:: REQUIREMENT ::
Please read the records below and return each line holding the string "last".

[Stored data entries]
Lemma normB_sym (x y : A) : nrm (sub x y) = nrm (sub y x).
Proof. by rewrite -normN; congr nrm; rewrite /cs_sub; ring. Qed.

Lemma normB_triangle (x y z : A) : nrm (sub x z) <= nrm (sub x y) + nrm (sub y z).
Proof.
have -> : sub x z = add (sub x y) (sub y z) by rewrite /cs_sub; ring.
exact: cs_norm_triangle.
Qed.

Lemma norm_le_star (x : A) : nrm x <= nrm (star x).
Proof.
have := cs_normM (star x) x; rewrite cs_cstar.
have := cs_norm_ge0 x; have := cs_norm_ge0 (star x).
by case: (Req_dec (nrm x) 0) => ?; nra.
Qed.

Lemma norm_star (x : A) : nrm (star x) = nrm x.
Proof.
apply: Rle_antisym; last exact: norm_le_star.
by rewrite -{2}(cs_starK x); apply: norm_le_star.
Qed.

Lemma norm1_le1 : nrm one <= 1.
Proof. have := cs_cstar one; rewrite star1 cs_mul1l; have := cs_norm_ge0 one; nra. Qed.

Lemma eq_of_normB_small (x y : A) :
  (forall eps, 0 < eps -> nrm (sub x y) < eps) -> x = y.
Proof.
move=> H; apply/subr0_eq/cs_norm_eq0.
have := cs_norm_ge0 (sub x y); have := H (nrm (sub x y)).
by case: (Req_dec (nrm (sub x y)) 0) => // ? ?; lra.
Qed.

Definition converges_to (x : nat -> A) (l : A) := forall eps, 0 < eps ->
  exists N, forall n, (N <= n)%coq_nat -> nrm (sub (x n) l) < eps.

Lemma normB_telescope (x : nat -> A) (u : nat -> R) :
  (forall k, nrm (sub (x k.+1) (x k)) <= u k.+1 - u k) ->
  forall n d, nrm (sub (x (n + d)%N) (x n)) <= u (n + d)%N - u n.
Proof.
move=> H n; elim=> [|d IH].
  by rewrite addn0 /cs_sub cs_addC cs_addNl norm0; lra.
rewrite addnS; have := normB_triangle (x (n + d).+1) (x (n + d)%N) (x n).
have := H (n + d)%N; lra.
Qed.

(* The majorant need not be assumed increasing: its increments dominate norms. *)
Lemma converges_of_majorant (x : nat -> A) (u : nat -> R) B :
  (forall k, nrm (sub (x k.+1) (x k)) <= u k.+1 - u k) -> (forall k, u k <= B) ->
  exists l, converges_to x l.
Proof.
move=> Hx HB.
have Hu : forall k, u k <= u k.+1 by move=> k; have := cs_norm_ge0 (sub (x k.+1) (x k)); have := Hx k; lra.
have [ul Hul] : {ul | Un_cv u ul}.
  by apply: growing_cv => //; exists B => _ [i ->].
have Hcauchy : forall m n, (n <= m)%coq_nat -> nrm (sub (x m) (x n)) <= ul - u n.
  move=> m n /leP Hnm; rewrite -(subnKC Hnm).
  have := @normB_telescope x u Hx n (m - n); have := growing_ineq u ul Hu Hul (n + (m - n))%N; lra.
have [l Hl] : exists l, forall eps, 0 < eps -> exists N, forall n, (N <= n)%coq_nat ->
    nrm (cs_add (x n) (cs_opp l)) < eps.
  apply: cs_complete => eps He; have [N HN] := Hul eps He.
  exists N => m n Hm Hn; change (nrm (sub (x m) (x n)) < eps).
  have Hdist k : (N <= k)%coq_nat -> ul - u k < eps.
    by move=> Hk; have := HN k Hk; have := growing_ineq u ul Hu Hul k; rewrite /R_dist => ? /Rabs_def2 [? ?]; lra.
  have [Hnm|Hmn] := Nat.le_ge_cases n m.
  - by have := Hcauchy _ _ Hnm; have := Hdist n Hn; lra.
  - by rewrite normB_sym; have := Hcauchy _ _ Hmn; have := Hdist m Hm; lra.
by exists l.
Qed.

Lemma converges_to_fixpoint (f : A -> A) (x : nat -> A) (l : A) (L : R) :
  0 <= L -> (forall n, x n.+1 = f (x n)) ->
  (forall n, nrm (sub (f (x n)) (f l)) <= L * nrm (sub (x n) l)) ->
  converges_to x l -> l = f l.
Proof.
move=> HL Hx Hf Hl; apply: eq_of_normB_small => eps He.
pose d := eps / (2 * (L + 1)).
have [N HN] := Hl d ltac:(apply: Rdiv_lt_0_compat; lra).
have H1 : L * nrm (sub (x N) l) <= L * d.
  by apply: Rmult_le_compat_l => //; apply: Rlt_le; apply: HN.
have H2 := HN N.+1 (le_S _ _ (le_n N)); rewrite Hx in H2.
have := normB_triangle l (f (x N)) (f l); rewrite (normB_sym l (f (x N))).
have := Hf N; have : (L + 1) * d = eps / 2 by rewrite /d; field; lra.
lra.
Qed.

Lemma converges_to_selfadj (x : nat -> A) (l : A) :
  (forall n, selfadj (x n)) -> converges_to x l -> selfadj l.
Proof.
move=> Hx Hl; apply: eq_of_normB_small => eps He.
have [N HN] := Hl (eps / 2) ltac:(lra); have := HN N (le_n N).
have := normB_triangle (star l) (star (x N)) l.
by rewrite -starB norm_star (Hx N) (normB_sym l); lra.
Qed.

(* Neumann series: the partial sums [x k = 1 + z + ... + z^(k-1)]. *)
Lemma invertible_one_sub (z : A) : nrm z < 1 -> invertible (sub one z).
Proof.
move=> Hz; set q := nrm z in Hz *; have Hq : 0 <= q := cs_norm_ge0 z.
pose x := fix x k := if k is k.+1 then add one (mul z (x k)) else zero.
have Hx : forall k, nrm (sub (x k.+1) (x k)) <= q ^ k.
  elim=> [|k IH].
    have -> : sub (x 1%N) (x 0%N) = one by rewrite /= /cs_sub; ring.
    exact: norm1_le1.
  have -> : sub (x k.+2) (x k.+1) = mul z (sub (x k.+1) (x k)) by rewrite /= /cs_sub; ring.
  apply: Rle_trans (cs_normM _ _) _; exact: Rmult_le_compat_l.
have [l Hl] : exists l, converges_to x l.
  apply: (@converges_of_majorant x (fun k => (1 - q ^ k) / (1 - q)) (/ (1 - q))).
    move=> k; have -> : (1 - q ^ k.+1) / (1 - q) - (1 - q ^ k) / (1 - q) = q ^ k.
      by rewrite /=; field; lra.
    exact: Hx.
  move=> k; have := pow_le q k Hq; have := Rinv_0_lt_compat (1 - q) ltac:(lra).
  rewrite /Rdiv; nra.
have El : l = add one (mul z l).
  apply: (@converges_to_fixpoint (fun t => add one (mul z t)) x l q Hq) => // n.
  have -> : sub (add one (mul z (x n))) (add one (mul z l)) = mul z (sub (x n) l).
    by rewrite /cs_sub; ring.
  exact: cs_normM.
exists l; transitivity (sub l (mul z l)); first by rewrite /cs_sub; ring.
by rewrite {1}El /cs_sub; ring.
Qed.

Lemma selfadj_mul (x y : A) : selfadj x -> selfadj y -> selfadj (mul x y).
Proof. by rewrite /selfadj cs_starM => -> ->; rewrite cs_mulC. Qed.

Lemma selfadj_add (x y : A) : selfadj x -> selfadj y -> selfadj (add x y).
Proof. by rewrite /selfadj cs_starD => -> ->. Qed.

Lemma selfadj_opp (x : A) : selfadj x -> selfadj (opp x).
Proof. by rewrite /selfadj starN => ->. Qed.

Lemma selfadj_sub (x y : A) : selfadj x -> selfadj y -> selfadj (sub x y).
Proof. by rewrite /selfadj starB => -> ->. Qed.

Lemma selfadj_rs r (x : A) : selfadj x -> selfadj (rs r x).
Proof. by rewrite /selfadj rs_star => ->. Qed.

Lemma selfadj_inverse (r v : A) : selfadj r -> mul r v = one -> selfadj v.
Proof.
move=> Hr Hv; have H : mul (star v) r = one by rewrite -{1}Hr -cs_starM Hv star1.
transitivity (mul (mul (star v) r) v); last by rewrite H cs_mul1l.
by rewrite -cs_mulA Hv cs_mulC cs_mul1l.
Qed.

:: ANSWER TO THIS PROBLEM ::
apply: Rle_antisym; last exact: norm_le_star.
transitivity (mul (mul (star v) r) v); last by rewrite H cs_mul1l.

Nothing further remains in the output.